Robert Faurisson was born in 1929 of a French father and Scottish mother in the suburban village on Shepperton, about 15 miles southwest of London. He studied in France at the University of Lyon, and became a teacher in Vichy. He became a public Holocaust denier in the 1970s, writing an article for Le Monde in 1978 that claimed that the gas houses at Auschwitz did not exist. Faurisson called Anne Frank’s diary a fraud, and engaged in other anti-Semitic efforts to discredit Holocaust memory.
He traveled widely peddling his patently false ideas. When he went to Sweden in 1992, hundreds of protesting students met him at the airport and 200 elderly Jews protested outside Parliament. He traveled regularly to attend and speak at conferences of the Institute for Historical Review, then the Number One Hothouse for mis-remembering the Holocaust. IHR’s executive director Mark Weber, translated Faurisson as he spoke in the streets of Munich in 1991, at a much diminished Kongress.

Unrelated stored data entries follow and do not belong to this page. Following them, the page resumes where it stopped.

(* Conjugating by these weights multiplies the entry [(i, j)] of [N0] by
   [weight i / weight j]; every nonzero entry of [N0] becomes [t] or [t^2]. *)
Definition block_weight (t : R) (r : nat) : R :=
  match r with 0%nat => / t | 2%nat => 1 | _ => / (t * t) end.

Definition weight (t : R) (n : nat) : R := block_weight t (n mod 4).

Definition N_weighted (t : R) : op :=
  op_add
    (op_comp (upsample 0) (op_comp (mult_op (fun _ => - t)) (op_comp (decimate 0) (decimate 1))))
    (op_comp (upsample 2)
      (op_add (op_comp (mult_op (fun _ => - t)) (op_comp (decimate 0) (decimate 0)))
      (op_add (op_comp (mult_op (fun _ => - (t * t))) (op_comp (decimate 0) (decimate 1)))
              (op_comp (mult_op (fun _ => - (t * t))) (op_comp (decimate 1) (decimate 1)))))).

Definition e1 : seqR := fun n => if Nat.eqb n 1 then 1 else 0.

Lemma l2_e1 : l2 e1.
Proof.
  refine (proj1 (ex_series_of_bounded_partial_sums _ 1 _ _)); [intro; apply pow2_ge_0|].
  intro N. induction N as [|[|N] IH]; unfold e1 in *; simpl in *; lra.
Qed.

Section Weighted.

Variable t : R.
Hypothesis t_range : 0 < t <= 1.

Lemma weight_bounds n : 1 <= weight t n <= / (t * t).
Proof.
  assert (H1 : 1 <= / t) by (rewrite <- Rinv_1; apply Rinv_le_contravar; lra).
  assert (H2 : / t <= / (t * t)) by (apply Rinv_le_contravar; nra).
  unfold weight. destruct (n mod 4)%nat as [|[|[|]]]; simpl; lra.
Qed.

Lemma weight_pos n : 0 < weight t n.
Proof. pose proof (weight_bounds n). lra. Qed.

Lemma weight_neq0 n : weight t n <> 0.
Proof. apply Rgt_not_eq, weight_pos. Qed.

Lemma Rabs_weight_le n : Rabs (weight t n) <= / (t * t).
Proof. pose proof (weight_bounds n). rewrite Rabs_right; lra. Qed.

Lemma Rabs_inv_weight_le n : Rabs (/ weight t n) <= 1.
Proof.
  pose proof (weight_bounds n). rewrite Rabs_right.
  - rewrite <- Rinv_1. apply Rinv_le_contravar; lra.
  - apply Rle_ge, Rlt_le, Rinv_0_lt_compat. lra.
Qed.

Lemma weight_block q r : (r < 4)%nat -> weight t (4 * q + r)%nat = block_weight t r.
Proof. intros Hr. unfold weight. rewrite (proj2 (div_mod_4 q r Hr)). reflexivity. Qed.

Lemma similar_N0_eq x n : similar (weight t) N0 x n = N_weighted t x n.
Proof.
  destruct (block_decomp n) as [q [r [Hr ->]]].
  unfold similar, op_comp. unfold mult_op at 1.
  destruct (N0_block (mult_op (fun n => / weight t n) x) q) as (E0 & E1 & E2 & E3).
  destruct r as [|[|[|[|]]]]; try lia; [rewrite E0 | rewrite E1 | rewrite E2 | rewrite E3];
  unfold N_weighted, op_add, op_comp; rewrite !upsample_val by lia; cbn [Nat.eqb];
  unfold mult_op, decimate; block_index x q; rewrite ?weight_block by lia;
  cbn [block_weight]; field; lra.
Qed.

Lemma sq_dominated_N_weighted : sq_dominated (N_weighted t) (22 * t ^ 2).
Proof.
  assert (Ht : forall n : nat, Rabs (- t) <= t)
    by (intros; rewrite Rabs_Ropp, Rabs_right; lra).
  assert (Htt : forall n : nat, Rabs (- (t * t)) <= t)
    by (intros; rewrite Rabs_Ropp, Rabs_right; nra).
  eapply sq_dominated_le.
  - unfold N_weighted. repeat first
      [ apply sq_dominated_add | apply sq_dominated_comp
      | apply sq_dominated_upsample; lia | apply sq_dominated_decimate
      | apply sq_dominated_mult, Ht | apply sq_dominated_mult, Htt ].
  - lra.
Qed.

Lemma similar_N0_square_e1_neq0 :
  similar (weight t) N0 (similar (weight t) N0 e1) <> (fun _ => 0).
Proof.
  rewrite similar_square by apply weight_neq0. intro H.
  assert (E := f_equal (fun f => f (4 * 0 + 2)%nat) H). cbv beta in E.
  unfold mult_op at 1 in E.
  destruct (N0_block (N0 (mult_op (fun n => / weight t n) e1)) 0) as (_ & _ & -> & _) in E.
  destruct (N0_block (mult_op (fun n => / weight t n) e1) 0) as (-> & -> & _ & ->) in E.
  unfold mult_op, weight, e1 in E. simpl in E. rewrite Rinv_inv in E. nra.
Qed.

Faurisson persuaded Noam Chomsky to write in defense of his free speech rights. And Chomsky later wrote that he thought Faurisson was “a relatively apolitical liberal of some sort.”
When Faurisson came to England this month, the anti-fascist anti-racist magazine Searchlight tracked his activities: “An audience of 60 like-minded historical revisionists had made their way to a secretive reception on Saturday 20 October at a hotel in Shepperton, arranged by Peter Rushton, assistant editor of the intellectual Nazi publication Heritage and Destiny. … After an opening speech by Vincent Reynouard, who is hiding out in the UK in the face of a European arrest warrant, the audience …were regaled by Faurisson boasting about his “research” which had “proved” that the Nazi gas chambers were faked. As he was coming to the end of his speech, the hotel management demanded that Rushton close the meeting. Rushton refused, and according to a report on the Heritage and Destiny website, the management “harassed the audience … turning out the lights, setting off the fire alarm and playing loud disco music …”.”
Faurisson went home to Vichy and on Sunday, October 22, died of a heart attack in the doorway of his house.